**Work request**
Begin with the line that has "move=> hx; have [_ _ _ hxb] := mulr_b x.". Give it and every line after it again, exactly, through the end of the entries below.

(Collection entries)
_____

Variables alpha beta gamma : R -> nat.
Hypothesis mulr_b : forall x : R,
  [/\ (alpha x < p)%N, (beta x < p)%N, (gamma x < p)%N &
      x ⊗ b = comb (alpha x) (beta x) (gamma x)].

Lemma coords_mul x y X1 X2 X3 : x = comb X1 X2 X3 ->
  let ax := (alpha x)%:Z in let bx := (beta x)%:Z in let gx := (gamma x)%:Z in
  let ay := (alpha y)%:Z in let by_ := (beta y)%:Z in let gy := (gamma y)%:Z in
  [/\ (alpha (x ⊗ y) = X1 * ay + ax * by_ %[mod p])%Z,
      (beta (x ⊗ y) = X2 * ay + bx * by_ %[mod p])%Z &
      (gamma (x ⊗ y) = - (X1 * X2 * 'C(alpha y, 2)%:Z) - ax * bx * 'C(beta y, 2)%:Z
         - X2 * ax * ay * by_ + X3 * ay + gx * by_ + X1 * bx * gy - X2 * ax * gy
         %[mod p])%Z].
Proof.
move=> hx; have [_ _ _ hxb] := mulr_b x.
have [_ _ _ hyb] := mulr_b y; have [_ _ _ hxyb] := mulr_b (x ⊗ y).
have := nr_mulA x y b; rewrite hyb hxyb (mulr_comb3 hx hxb erefl).
by case/eq_comb3_modz.
Qed.

Hypothesis comb3_surj : forall x : R, exists x1 x2 x3 : nat,
  [/\ (x1 < p)%N, (x2 < p)%N, (x3 < p)%N & x = comb x1 x2 x3].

_____

**Task result**
move=> hx; have [_ _ _ hxb] := mulr_b x.
have [_ _ _ hyb] := mulr_b y; have [_ _ _ hxyb] := mulr_b (x ⊗ y).
have := nr_mulA x y b; rewrite hyb hxyb (mulr_comb3 hx hxb erefl).
by case/eq_comb3_modz.
Qed.

Hypothesis comb3_surj : forall x : R, exists x1 x2 x3 : nat,
  [/\ (x1 < p)%N, (x2 < p)%N, (x3 < p)%N & x = comb x1 x2 x3].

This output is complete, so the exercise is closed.